(* Consider Setting A (stated in the context), and suppose the sequence of communication graphs $\{\mathcal G[k]\}_{k\ge 0}$ satisfies conditions (C1), (C2) and (C3). Then for every desired rate $\rho\in(0,1)$ there exist observer gains $L_1,\dots,L_N$ (with $L_j$ of compatible dimensions, $L_j$ used by node $j$) such that, when all nodes run Algorithm 1, for every initial state $x[0]$ and all initial estimates there exist constants $c\ge 0$ and $K\in\mathbb N$ with $$\|\hat x_i[k]-x[k]\|\le c\,\rho^k\quad\text{for all }k\ge K\text{ and all }i\in\mathcal V,$$ where $\hat x_i[k]=T\hat z_i[k]$ and $\hat z_i[k]$ stacks $\hat z^{(1)}_i[k],\dots,\hat z^{(N)}_i[k]$.
   Context: Setting A. Consider the discrete-time LTI system $x[k+1]=Ax[k]$, $k\in\mathbb N$, with $A\in\mathbb R^{n\times n}$, monitored by $N$ nodes $\mathcal V=\{1,\dots,N\}$; node $i$ measures $y_i[k]=C_ix[k]$ with $C_i\in\mathbb R^{r_i\times n}$. Let $C=[C_1^T\ \cdots\ C_N^T]^T$ and assume $(A,C)$ is observable. Fix an invertible $T$ such that $\bar A=T^{-1}AT$ is block lower-triangular with diagonal blocks $A_{11},\dots,A_{NN}$ and off-diagonal blocks $A_{jq}$ ($q<j$), zero blocks above the diagonal, and $C_iT=[C_{i1}\ \cdots\ C_{ii}\ 0\ \cdots\ 0]$ for each $i$, with $(A_{jj},C_{jj})$ observable for every $j$ (such $T$ exists). With $z[k]=T^{-1}x[k]$ partitioned compatibly into sub-states $z^{(1)}[k],\dots,z^{(N)}[k]$, one has $z^{(j)}[k+1]=A_{jj}z^{(j)}[k]+\sum_{q=1}^{j-1}A_{jq}z^{(q)}[k]$ and $y_j[k]=\sum_{q=1}^{j}C_{jq}z^{(q)}[k]$. Node $j$ is called the source node of sub-state $j$. Communication: at each time $k$ there is a directed graph $\mathcal G[k]=(\mathcal V,\mathcal E[k])$; $(l,i)\in\mathcal E[k]$ means $l$ can send to $i$ at time $k$; $\mathcal N_i[k]=\{l\neq i:(l,i)\in\mathcal E[k]\}$. The union graph over $[k_1,k_2]$ has vertex set $\mathcal V$ and edge set $\bigcup_{\tau=k_1}^{k_2}\mathcal E[\tau]$. Algorithm 1 (run for every sub-state $j$ simultaneously). Each node $i$ keeps an estimate $\hat z^{(j)}_i[k]$ (arbitrary initial value) and a freshness index $\tau^{(j)}_i[k]\in\mathbb N\cup\{\omega\}$, where $\omega$ is a special symbol; initially $\tau^{(j)}_j[0]=0$ and $\tau^{(j)}_i[0]=\omega$ for $i\ne j$. Source node $j$: $\tau^{(j)}_j[k]=0$ for all $k$, and $\hat z^{(j)}_j[k+1]=(A_{jj}-L_jC_{jj})\hat z^{(j)}_j[k]+\sum_{q=1}^{j-1}(A_{jq}-L_jC_{jq})\hat z^{(q)}_j[k]+L_jy_j[k]$, where $L_j$ is an observer gain. Non-source node $i\neq j$ at time $k$: let $\mathcal M^{(j)}_i[k]=\{l\in\mathcal N_i[k]:\tau^{(j)}_l[k]\neq\omega\}$; if $\tau^{(j)}_i[k]=\omega$ let $\mathcal F^{(j)}_i[k]=\mathcal M^{(j)}_i[k]$, otherwise $\mathcal F^{(j)}_i[k]=\{l\in\mathcal M^{(j)}_i[k]:\tau^{(j)}_l[k]<\tau^{(j)}_i[k]\}$. If $\mathcal F^{(j)}_i[k]\ne\emptyset$, pick $u\in\arg\min_{l\in\mathcal F^{(j)}_i[k]}\tau^{(j)}_l[k]$ and set $\tau^{(j)}_i[k+1]=\tau^{(j)}_u[k]+1$ and $\hat z^{(j)}_i[k+1]=A_{jj}\hat z^{(j)}_u[k]+\sum_{q=1}^{j-1}A_{jq}\hat z^{(q)}_i[k]$ (''$i$ adopts the information of $u$ at time $k$''). If $\mathcal F^{(j)}_i[k]=\emptyset$, set $\tau^{(j)}_i[k+1]=\omega$ if $\tau^{(j)}_i[k]=\omega$ and $\tau^{(j)}_i[k+1]=\tau^{(j)}_i[k]+1$ otherwise, and $\hat z^{(j)}_i[k+1]=A_{jj}\hat z^{(j)}_i[k]+\sum_{q=1}^{j-1}A_{jq}\hat z^{(q)}_i[k]$ (''$i$ adopts its own information''). Conditions on the graph sequence: there is an increasing sequence $\mathbb I=\{t_0,t_1,\dots\}\subset\mathbb N$ with $t_0=0$ such that, with $f(t_q)=t_{q+1}-t_q$: (C1) $f(t_q)$ is non-decreasing in $q$; (C2) with $m(k)=\max\{t_q\in\mathbb I:t_q\le k\}$ and $g(k)=f(m(k))$, one has $\limsup_{k\to\infty}\frac{2(N-1)g(k)}{k}=\delta<1$; (C3) for each $q$, the union graph over $[t_q,t_{q+1}-1]$ is strongly connected. *)

From HB Require Import structures.
From mathcomp Require Import all_boot all_order all_algebra.
Set Implicit Arguments. Unset Strict Implicit. Unset Printing Implicit Defensive.
Import Order.TTheory GRing.Theory Num.Theory.
Local Open Scope ring_scope.

Definition obsv_mx (R : nzRingType) (m p : nat) (A : 'M[R]_m) (C : 'M[R]_(p, m))
  : 'M[R]_((\sum_(k < m) p)%N, m) :=
  @mxcol R m (fun _ => p) m (fun k => C *m A ^+ k).

Definition observable (R : fieldType) (m p : nat) (A : 'M[R]_m) (C : 'M[R]_(p, m))
  : bool := \rank (obsv_mx A C) == m.

Definition vnorm (R : rcfType) (m : nat) (v : 'cV[R]_m) : R :=
  Num.sqrt (\sum_(a < m) v a 0 ^+ 2).

Definition union_rel (N : nat) (E : nat -> rel 'I_N) (a b : nat) : rel 'I_N :=
  fun l i => has (fun k => E k l i) (index_iota a b).

Definition strongly_connected (N : nat) (e : rel 'I_N) : Prop :=
  forall l i : 'I_N, connect e l i.

Definition fwin (t : nat -> nat) (q : nat) : nat := (t q.+1 - t q)%N.

(* index q of m(k) = max {t_q in I : t_q <= k}  (for increasing t with t 0 = 0,
   every such q satisfies q <= k) *)
Definition last_idx (t : nat -> nat) (k : nat) : nat :=
  (\max_(q < k.+1 | t q <= k) q)%N.

Definition gwin (t : nat -> nat) (k : nat) : nat := fwin t (last_idx t k).

(* limsup_{k -> oo} u k < a  (literal unfolding of limsup = inf_K sup_{k>=K}) *)
Definition limsup_lt (R : realFieldType) (u : nat -> R) (a : R) : Prop :=
  exists2 b, b < a & exists K, forall k, (K <= k)%N -> u k <= b.

Section Alg.
Variables (R : fieldType) (N : nat) (d r : 'I_N -> nat).
Variable Ab : forall j q : 'I_N, 'M[R]_(d j, d q).   (* blocks A_jq of T^-1 A T *)
Variable Cb : forall i q : 'I_N, 'M[R]_(r i, d q).   (* blocks C_iq of C_i T *)
Variable L : forall j : 'I_N, 'M[R]_(d j, r j).
Variable y : nat -> forall j : 'I_N, 'cV[R]_(r j).
Variable E : nat -> rel 'I_N.                        (* E k l i : (l,i) in E[k] *)
Variable zh : nat -> 'I_N -> forall j : 'I_N, 'cV[R]_(d j).
  (* zh k i j = \hat z^{(j)}_i[k] *)
Variable tau : nat -> 'I_N -> 'I_N -> option nat.
  (* tau k i j = tau^{(j)}_i[k];  None encodes omega *)

Definition Fset (k : nat) (i j : 'I_N) : {set 'I_N} :=
  [set l | [&& E k l i, l != i &
     match tau k l j, tau k i j with
     | Some _, None => true
     | Some tl, Some ti => (tl < ti)%N
     | None, _ => false
     end]].

Definition source_update (k : nat) (j : 'I_N) : 'cV[R]_(d j) :=
  (Ab j j - L j *m Cb j j) *m zh k j j
  + \sum_(q < N | (q < j)%N) (Ab j q - L j *m Cb j q) *m zh k j q
  + L j *m y k j.

(* node i takes sub-state-j information from node u (u = i : its own) *)
Definition adopt_update (k : nat) (i u j : 'I_N) : 'cV[R]_(d j) :=
  Ab j j *m zh k u j + \sum_(q < N | (q < j)%N) Ab j q *m zh k i q.
(* Let $\mathcal{A}=(Q,\delta,I,F)$ be a complete Büchi automaton with $n=|Q|$, let $\mathcal{B}_S=(Q',\delta',I',F')$ be the automaton produced from $\mathcal{A}$ by Schewe's rank-based complementation construction (described in the context), and let $\mathcal{B}_S^{\mathit{di}}$ be the automaton obtained from the same construction in which every occurrence of $Q_2$ (in the state set, in the transition functions $\delta_2,\delta_3$ and in the accepting set) is replaced by $$Q_2^{\mathit{di}} = Q_2\setminus\{(S,O,f,i)\in Q_2 \mid \exists p,q\in S:\ p\preceq_{\mathit{di}} q \wedge f(p)>f(q)\}.$$ Then $\mathcal{L}(\mathcal{B}_S^{\mathit{di}})=\mathcal{L}(\mathcal{B}_S)$.
   Context: Fix a finite nonempty alphabet $\Sigma$. A Büchi automaton (BA) is $\mathcal{A}=(Q,\delta,I,F)$ with finite state set $Q$, transition function $\delta:Q\times\Sigma\to 2^Q$, initial states $I\subseteq Q$ and accepting states $F\subseteq Q$; it is complete if $\delta(q,a)\neq\emptyset$ for all $q,a$. We write $p\xrightarrow{a}q\in\delta$ for $q\in\delta(p,a)$ and $\delta(P,a)=\bigcup_{p\in P}\delta(p,a)$. A run from $q$ on an infinite word $\alpha=\alpha_0\alpha_1\cdots$ is a sequence $\rho_0\rho_1\cdots$ of states with $\rho_0=q$ and $\rho_{i+1}\in\delta(\rho_i,\alpha_i)$; it is accepting if some state of $F$ occurs infinitely often. $\mathcal{L}(\mathcal{A})$ is the set of infinite words having an accepting run from some initial state. A trace over $\alpha$ is a sequence $q_0\xrightarrow{\alpha_0}q_1\xrightarrow{\alpha_1}\cdots$ where $q_0q_1\cdots$ is a run over $\alpha$. Direct simulation: in the simulation game from $(p_0,r_0)$, in round $i$ Spoiler picks a transition $p_i\xrightarrow{\alpha_i}p_{i+1}$ and Duplicator answers with $r_i\xrightarrow{\alpha_i}r_{i+1}$ on the same symbol; a Duplicator strategy is a map $\sigma$ with $\sigma(r,p\xrightarrow{a}p')\in\delta(r,a)$ (no lookahead). For the resulting traces $\pi_p=p_0\xrightarrow{\alpha_0}p_1\cdots$ and $\pi_r=r_0\xrightarrow{\alpha_0}r_1\cdots$, Duplicator wins the direct game if for all $i$, $p_i\in F$ implies $r_i\in F$. The (maximal) direct simulation $\preceq_{\mathit{di}}$ is defined by $p\preceq_{\mathit{di}}r$ iff Duplicator has a winning strategy from $(p,r)$. Schewe's construction. A (level) ranking is $f:Q\to\{0,1,\dots,2n\}$ with $f(q)$ even for all $q\in F$; $\mathrm{rank}(f)=\max_{q\in Q}f(q)$. For $S\subseteq Q$, $f$ is $S$-tight if (i) $\mathrm{rank}(f)=r$ is odd, (ii) $\{f(s)\mid s\in S\}\supseteq\{1,3,\dots,r\}$, and (iii) $\{f(q)\mid q\notin S\}=\{0\}$; $\mathcal{T}$ is the set of $Q$-tight rankings. The BA $\mathcal{B}_S=(Q',\delta',I',F')$ has: $Q'=Q_1\cup Q_2$ with $Q_1=2^Q$ and $Q_2=\{(S,O,f,i)\in 2^Q\times2^Q\times\mathcal{T}\times\{0,2,\dots,2n-2\}\mid f \text{ is } S\text{-tight},\ O\subseteq S\cap f^{-1}(i)\}$; $I'=\{I\}$; $\delta'=\delta_1\cup\delta_2\cup\delta_3$ where $\delta_1(S,a)=\{\delta(S,a)\}\subseteq Q_1$ for $S\in Q_1$; $\delta_2(S,a)=\{(S',\emptyset,f,0)\in Q_2\mid S'=\delta(S,a),\ f \text{ is } S'\text{-tight}\}$ for $S\in Q_1$; and for $(S,O,f,i)\in Q_2$, $(S',O',f',i')\in\delta_3((S,O,f,i),a)$ iff $(S',O',f',i')\in Q_2$, $S'=\delta(S,a)$, $f'(q')\le f(q)$ for all $q\in S$ and $q'\in\delta(q,a)$, $\mathrm{rank}(f)=\mathrm{rank}(f')$, $f'$ is $S'$-tight, and either ($O=\emptyset$, $i'=(i+2)\bmod(\mathrm{rank}(f')+1)$ and $O'=f'^{-1}(i')$) or ($O\neq\emptyset$, $i'=i$ and $O'=\delta(O,a)\cap f'^{-1}(i)$); and $F'=\{\emptyset\}\cup\{(S,\emptyset,f,i)\in Q_2\}$. *)

From mathcomp Require Import all_boot.
Set Implicit Arguments. Unset Strict Implicit. Unset Printing Implicit Defensive.

Record buchi (Sigma : finType) := Buchi {
  bst : finType;
  bdelta : bst -> Sigma -> {set bst};
  binit : {set bst};
  bfin : {set bst} }.

Definition word (Sigma : finType) := nat -> Sigma.

Definition complete (Sigma : finType) (A : buchi Sigma) : Prop :=
  forall (q : bst A) (a : Sigma), bdelta q a != set0.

+ + +

(Aim of the task) Only one stretch of the data above is needed. Restate it word for word, from the line containing "Variable Ab : forall" through the line containing "Variable y : nat", both ends included.

(Response to this exercise)
Variable Ab : forall j q : 'I_N, 'M[R]_(d j, d q).   (* blocks A_jq of T^-1 A T *)
Variable Cb : forall i q : 'I_N, 'M[R]_(r i, d q).   (* blocks C_iq of C_i T *)
Variable L : forall j : 'I_N, 'M[R]_(d j, r j).
Variable y : nat -> forall j : 'I_N, 'cV[R]_(r j).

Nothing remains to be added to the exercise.